I think that if I was able to provide a useful answer to your question,
I should already be on my way to writing the manual. :-)

Seriously.. here's the context: 

Over the years, I have toned down my current window manager of choice's
functionalities to a barebones environment that does what I need and
nothing else.. namely:

1. provide multiple workspaces 

2. let me bind a few keyboard actions to launching frequently used
   applications, mainly 256-color xterms and differently configured
   instances of GNU screen

3. binding keys to navigating workspaces

Naturally, I wanted to do the same thing in xmonad, which once I had
tried it out of the box basically amounted to changing default workspace
navigation keybindings and adjusting the terminal definition.
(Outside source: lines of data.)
Lemma r23_in_K1P : r2 \in K1 /\ r3 \in K1 <-> dlt \in 1%VS.
Proof.
have dlt_sqr : dlt ^+ 2 = (dmnc m n c)%:~R%:A.
  by rewrite sqr_dlt -[_%:A]/(in_alg L _) rmorph_int.
split=> [[r2K r3K] | dlt1].
  have dltK : dlt \in K1 by rewrite !rpredM ?rpredB ?r1_in_K1.
  have : (\dim <<1; dlt>> %| 3)%N.
    by rewrite -(@dim_hL_root r1) ?root_hL ?eqxx // field_dimS // sub_adjoin1v.
  rewrite -adjoin_deg_eq1 -dim_adjoin1 -[X in (X == _)]prednK ?adim_gt0 //.
  by move: (dim_adjoin_sqr_le2 dlt_sqr); case: (\dim _) => [|[|[|]]].
have two_neq0 : (2 : L) != 0 by move: (pchar_num_ext L) => /pcharf0P ->.
have [r12 r13] : r1 != r2 /\ r1 != r3.
  by move: uniq_hL_roots; rewrite /= !inE negb_or => /andP[/andP[]].
have D_neq0 : (r1 - r2) * (r1 - r3) != 0 by rewrite mulf_neq0 ?subr_eq0.
have DK : (r1 - r2) * (r1 - r3) \in K1.
  rewrite (_ : _ * _ = 3 * r1 ^+ 2 + 2 * mL * r1 + nL); last first.
    by rewrite m_t n_t /r1 /r2 /r3; ring.
  by rewrite !(r1_in_K1, rpred_nat, rpred_int, rpredX, rpredD, rpredM).
have sumK : r2 + r3 \in K1.
  by rewrite (_ : _ + _ = - mL - r1) ?rpredB ?rpredN ?rpred_int ?r1_in_K1 // m_t /r1 /r2 /r3; ring.
have diffK : r2 - r3 \in K1.
  rewrite (_ : _ - _ = dlt / ((r1 - r2) * (r1 - r3))); last by rewrite /dlt mulrC mulKf.
  by rewrite rpred_div // (subvP (sub1v _)).
split.
  rewrite (_ : r2 = (r2 + r3 + (r2 - r3)) / 2); last by field.
  exact: rpred_div (rpredD sumK diffK) (rpred_nat _ _).
rewrite (_ : r3 = (r2 + r3 - (r2 - r3)) / 2); last by field.
exact: rpred_div (rpredB sumK diffK) (rpred_nat _ _).
Qed.

Lemma normalField_K1P : normalField 1 K1 <-> r2 \in K1 /\ r3 \in K1.
Proof.
split=> [/normalFieldP/(_ r1 r1_in_K1)[rs /allP rsK min_rs] | [r2K r3K]].
  have rootK z : root hL z -> z \in K1 by rewrite -minPoly_r1 min_rs root_prod_XsubC => /rsK.
  by split; apply: rootK; rewrite root_hL eqxx ?orbT.
apply/splitting_normalField; first exact: sub1v.
exists hL; first exact: alg_polyOver.
exists [:: r1; r2; r3]; first by rewrite hL_factor eqpxx.
apply/eqP; rewrite eqEsubv; apply/andP; split.
  apply/Fadjoin_seqP; split=> [|z]; first exact: sub1v.
  by rewrite !inE => /or3P[] /eqP ->; rewrite ?r1_in_K1.
by apply/FadjoinP; split; [exact: subv_adjoin_seq | apply: seqv_sub_adjoin; rewrite inE eqxx].
Qed.

Lemma normalField_s : normalField 1 <<1; s>>.
Proof.
apply/splitting_normalField; first exact: sub1v.
exists (map_poly (in_alg L) ('X^2 + (c%:~R)%:P)); first exact: alg_polyOver.
exists [:: s; - s].
  rewrite rmorphD /= map_polyXn map_polyC /= -[_%:A]/(in_alg L _) rmorph_int.
  rewrite !big_cons big_nil -[cL]opprK -sqr_s !(polyCN, polyC_exp).
  by rewrite opprK mulr1 -subr_sqr eqpxx.
apply/eqP; rewrite eqEsubv; apply/andP; split.
  apply/Fadjoin_seqP; split=> [|z]; first exact: sub1v.
  by rewrite !inE => /orP[] /eqP ->; rewrite ?rpredN memv_adjoin.
by apply/FadjoinP; split; [exact: subv_adjoin_seq | apply: seqv_sub_adjoin; rewrite inE eqxx].
Qed.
One additional requirement, something I do not have in my current window
manager setup was to have xmonad display stuff I like to keep an eye on
at all times, such as CPU temperature, CPU%, mem%, swap%, network RX/TX,
as well as the current date and time and outside temperature as recorded
by my local weather station.

I was not planning on anything fancy, just numbers, pretty much what I
have implemented via short home-grown scripts in my current GNU/screen
environment, but with one important difference: 

With my current setup, each instance of GNU/screen runs separate
instances of my monitoring scripts, which is not optimal.

So my needs were very modest indeed, and after a bit of digging, some
copy-pasting and the usual trial and error cycles, I was able to pretty
much set up the above environment in xmonad without bothering anybody
here or on the IRC channel with questions you folks must have already
answered hundreds of times.

All the same, I have the following observations:

1. It would have been much better if I had been able to work with a
   document that walked me through the above configuration instead of
   having to dig for it in various places.

2. At this point, I have a file called xmonad.hs, that appears to do
   what I want, but since it was created by copy-pasting other users'
   configuration files, I have only a very vague idea how it does it. 

For instance, I have the following:

import XMonad
import XMonad.Hooks.DynamicLog
import XMonad.Hooks.ManageDocks
import XMonad.Util.Run(spawnPipe)
import XMonad.Util.EZConfig(additionalKeys)
import System.IO

What does this do? Why do I need it? Do I really need this? all of it?

And further down:

main = do
    xmproc <- spawnPipe "/usr/bin/xmobar /home/me/.xmobarrc"
    xmonad $ defaultConfig
        { manageHook  = manageDocks <+> myManageHook 
                        <+> manageHook defaultConfig

Same questions, basically.. And also what's a '$'.. what's a '<+>'..

Don't take me wrong, I am not being critical, I got xmonad to basically
do what I need with possibly less frustration than if I was configure
supposedly user-friendly desktops such as gnome, kde, etc. 

I was mainly wondering if it might be possible to have a document that
takes a user who has little or no programming experience, and no prior
knowledge of Haskell, just some fluency with an editor and the keyboard,
and make configuring xmonad a meaningful experience, giving said user at
least a general idea of what he is doing and why he needs to do it,
rather than giving him a feeling that he's taken a dive into a dark pit,
should count his blessings he's still alive but has come out none the

No question that there are probably other new users out there who might
want to set up something a bit more fun, with additional functionality,
and maybe some eye candy and bells and  whistles I have no use for. And
it's true that the FAQ in particular does at least partially answer
quite a few questions regarding individual practical aspects of the
configuration, but they are all pretty much in terms of "copy-paste" the
following two lines to xmonad.hs and hit mod+q.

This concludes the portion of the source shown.